JUST before the new tax reform law kicked off last Thursday, January 1, it has been met with stiff resistance from different quarters, with many calling for its suspension.
Chief Executive Officer (CEO), Centre for the Promotion of Private Enterprise (CPPE), Dr Muda Yusuf, said this public resistance is not merely a communication failure but rooted more in lived experience. For many Nigerians, he said, past reforms have translated into higher living costs and declining welfare, with little evidence that sacrifices result in improved public services.
Speaking through a statement, he noted that a weak social contract continues to undermine confidence that additional tax revenues will be transparently and efficiently deployed. With businesses and households still recovering from recent macroeconomic shocks, he said, tolerance for new compliance demands is understandably low.
On paper, he said, the reforms have a sound and progressive framework, aimed at strengthening revenue mobilisation, improving equity, simplifying the tax system and aligning fiscal policy with economic diversification and growth objectives.
However, he added, “History offers a sobering lesson: good policy design does not guarantee good outcomes. The ultimate success or failure of Nigeria’s tax reform will depend far less on its legislative provisions and far more on how it is implemented. Without careful sequencing, political sensitivity and economic realism, even well-intentioned reforms can trigger resistance, disrupt livelihoods and further erode public trust.”
Pointing out that the economy is still absorbing the aftershocks of elevated inflation, weakened purchasing power and the adjustment costs of fuel subsidy removal and FX reforms, he said most households and businesses are experiencing reform fatigue. Compounding this, he said, is the approach of a politically sensitive pre-election period.
Warning against forced compliance, he said a rigid, enforcement-heavy approach risks undermining reform credibility before its benefits have time to materialise.
He added that despite ongoing stiff resistance, the reforms have some benefits, including the fact that low-income earners are exempted from personal income tax, while VAT relief on basic goods and essential services—including education, healthcare, agriculture and cultural activities—provides social protection.
“On the growth side, targeted incentives for priority and job-creating sectors strengthen alignment between tax policy and Nigeria’s diversification agenda. The rationalisation of multiple taxes, repeal of obsolete laws and improved coherence of the tax system also respond to long-standing private-sector demands and could enhance predictability and investor confidence if properly implemented,” he said.
Stressing the need to restructure the informal sector, as over 90 per cent of jobs are in the informal economy, according to the last Nigeria Labour Force Survey by the National Bureau of Statistics (NBS), he said most informal operators lack structured record-keeping systems and have limited understanding of tax concepts.
These businesses, he said, are largely cash-based, operate on thin margins, lack the literacy and digital capacity required for compliance, as well as the capacity to digest the technical and somewhat complex issues around taxation.
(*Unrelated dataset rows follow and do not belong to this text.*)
Lemma aut_ratr q : s (ratr q) = ratr q.
Proof.
have aut_int (m : int) : s m%:~R = m%:~R.
  by case: m => n; rewrite ?NegzE ?mulrNz ?autN /= aut_nat.
by rewrite /ratr autM autV !aut_int.
Qed.

Lemma aut_sum n (f : 'I_n -> algC) : s (\sum_(i < n) f i) = \sum_(i < n) s (f i).
Proof. exact: (big_morph s autD aut0). Qed.

End Automorphism.

Lemma isAut_comp s u : isAut s -> isAut u -> isAut (s \o u).
Proof.
move=> s_aut u_aut; split=> [x y|x y||] /=; rewrite ?autD ?autM ?aut1 //.
by apply: bij_comp; [case: s_aut | case: u_aut].
Qed.

Lemma isAut_can s s' : isAut s -> cancel s s' -> cancel s' s -> isAut s'.
Proof.
move=> s_aut sK s'K; split=> [x y|x y||]; last by exists s.
- by apply: (can_inj sK); rewrite (autD s_aut) !s'K.
- by apply: (can_inj sK); rewrite (autM s_aut) !s'K.
- by apply: (can_inj sK); rewrite (aut1 s_aut) !s'K.
Qed.

Lemma number_field_open (F : algC -> Prop) : number_field F ->
  exists t : seq algC, forall w, isAut w -> {in t, w =1 id} -> GalK F w.
Proof.
case=> _ _ _ _ [n [b Fb]]; exists [seq b i | i <- enum 'I_n] => w w_aut w_t.
split=> // x /Fb[a ->]; rewrite (aut_sum w_aut); apply: eq_bigr => i _.
by rewrite (autM w_aut) (aut_ratr w_aut) w_t // map_f ?mem_enum.
Qed.

Section QuadraticSubfield.
Variable p : nat.
Local Notation sqrt_ps := (sqrtC (pstar p)).

Definition fixes_Qp (s : algC -> algC) : bool := s sqrt_ps == sqrt_ps.

Lemma fixes_QpP s : isAut s -> reflect (forall x, Qp p x -> s x = x) (fixes_Qp s).
Proof.
move=> s_aut; apply: (iffP eqP) => [s_sqrt x [a [b ->]]|s_Qp].
  by rewrite (autD s_aut) (aut_ratr s_aut) (autM s_aut) (aut_ratr s_aut) s_sqrt.
by apply: s_Qp; exists 0, 1; rewrite rmorph0 rmorph1 add0r mul1r.
Qed.

Lemma GalQpP s : GalK (Qp p) s <-> isAut s /\ fixes_Qp s.
Proof. by split=> -[s_aut /(fixes_QpP s_aut) s_Qp]. Qed.

Hypothesis p_gt0 : (0 < p)%N.

Lemma sqrt_pstar_neq0 : sqrt_ps != 0.
Proof. by rewrite sqrtC_eq0 mulf_neq0 ?signr_eq0 // pnatr_eq0 -lt0n. Qed.

Lemma aut_sqrt_pstar s : isAut s ->
  s sqrt_ps = if fixes_Qp s then sqrt_ps else - sqrt_ps.
Proof.
move=> s_aut; rewrite /fixes_Qp; case: eqP => // s_sqrt.
have : s sqrt_ps ^+ 2 == sqrt_ps ^+ 2.
  rewrite -(autX s_aut) sqrtCK /pstar (autM s_aut) (autX s_aut) (autN s_aut).
  by rewrite (aut1 s_aut) (aut_nat s_aut).
by rewrite eqf_sqr => /orP[/eqP|/eqP].
Qed.

Lemma fixes_QpM s u : isAut s -> isAut u ->
  fixes_Qp (s \o u) = (fixes_Qp s == fixes_Qp u).
Proof.
move=> s_aut u_aut; have sqrt_neqN : - sqrt_ps != sqrt_ps.
  by rewrite eqNr sqrt_pstar_neq0.
rewrite {1}/fixes_Qp /= (aut_sqrt_pstar u_aut).
case: (fixes_Qp u); rewrite ?(autN s_aut) (aut_sqrt_pstar s_aut);
  case: (fixes_Qp s); rewrite ?opprK ?eqxx ?(negPf sqrt_neqN) // eq_sym.
Qed.

Lemma GalQp_comp s u : GalK (Qp p) s -> GalK (Qp p) u -> GalK (Qp p) (s \o u).
Proof.
move=> /GalQpP[s_aut s_Qp] /GalQpP[u_aut u_Qp]; apply/GalQpP.
by rewrite fixes_QpM // s_Qp u_Qp; split=> //; exact: isAut_comp.
Qed.

End QuadraticSubfield.

Section Eta.
Variables (p : nat) (v : 'F_p).
Local Notation Vbar := (coset (scalarsGL p) (VGL v)).

Lemma etaE s : isAut s -> Defs.eta v s = if fixes_Qp p s then 1%g else Vbar.
Proof.
move=> s_aut; rewrite /Defs.eta.
case: excluded_middle_informative => /= [/(fixes_QpP _ s_aut) -> //|].
by case: (fixes_QpP _ s_aut).
Qed.

Lemma eta_continuous : krull_continuous GQ (Defs.eta v).
Proof.
move=> s s_aut; exists [:: sqrtC (pstar p)] => u u_aut /(_ _ (mem_head _ _)) us.
by rewrite (etaE u_aut) (etaE s_aut) /fixes_Qp us.
Qed.

Lemma eta_hom : (0 < p)%N -> v != 0 -> hom_on GQ (Defs.eta v).
Proof.
move=> p_gt0 v_neq0 s u s_aut u_aut.
rewrite (etaE (isAut_comp s_aut u_aut)) (etaE s_aut) (etaE u_aut) fixes_QpM //.
by case: (fixes_Qp p s); case: (fixes_Qp p u); rewrite ?mulg1 ?mul1g ?Vbar_sqr.
Qed.

End Eta.

Section CocycleHom.
Variables (p : nat) (v : 'F_p) (G : (algC -> algC) -> Prop).
Hypothesis eta_homG : hom_on G (Defs.eta v).
Local Open Scope group_scope.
“Yet the new tax framework introduces mandatory filing requirements, defined record-keeping standards, penalties for non-compliance and presumptive taxation where records are inadequate. Without careful sequencing, these provisions risk criminalising informality rather than encouraging gradual and voluntary formalisation,” he decried.
Noting that some policy flashpoints are inducing anxiety amongst businesses and individuals, he said these include the mandatory reporting of quarterly bank transactions of ₦25 million and above to the tax authority and the proposed increase in capital gains tax from 10 to 30 per cent, which has unsettled investors.
“The ₦500,000 annual rent relief cap is misaligned with prevailing urban housing costs and risks further squeezing middle-class disposable income. Concerns are further heightened by the wide enforcement powers granted to tax authorities and the severity of penalties and sanctions embedded in the tax laws,” he noted.
Calling for a strategic implementation framework anchored on revenue efficiency rather than blanket enforcement, he said evidence shows that a small proportion of taxpayers account for the bulk of tax revenue.
“Roughly 20 per cent of businesses generate close to 90 per cent of tax receipts, while about 20 per cent of taxpayers contribute over 80 per cent of personal income tax. Concentrating enforcement on large corporations, established SMEs and high-net-worth individuals will deliver substantial revenue gains without destabilising livelihoods or deepening social resistance,” he said.
Urging the tax authorities to prioritise the formal sector, where compliance capacity already exists in the interim, he said the informal sector should be integrated gradually through incentives, sustained tax education, simplified compliance tools and digital onboarding support.
“Shifting emphasis from penalties to compliance-building will produce more durable outcomes. The objective should be to grow the tax net organically, not force it prematurely,” he warned.
“With 2026 shaping up as a pre-election year, political and social caution is imperative. Aggressive, broad-based enforcement risks social discontent, political backlash and potential reform reversal. Stability, trust-building and reform credibility must take precedence over short-term enforcement optics,” he said.
He further said while tax reform is essential for fiscal sustainability, he noted that implementation will determine its success or failure. A phased, pragmatic and socially sensitive approach, anchored on trust, economic realities and political timing, offers the most credible pathway to sustainable revenue growth, expanded compliance and long-term legitimacy.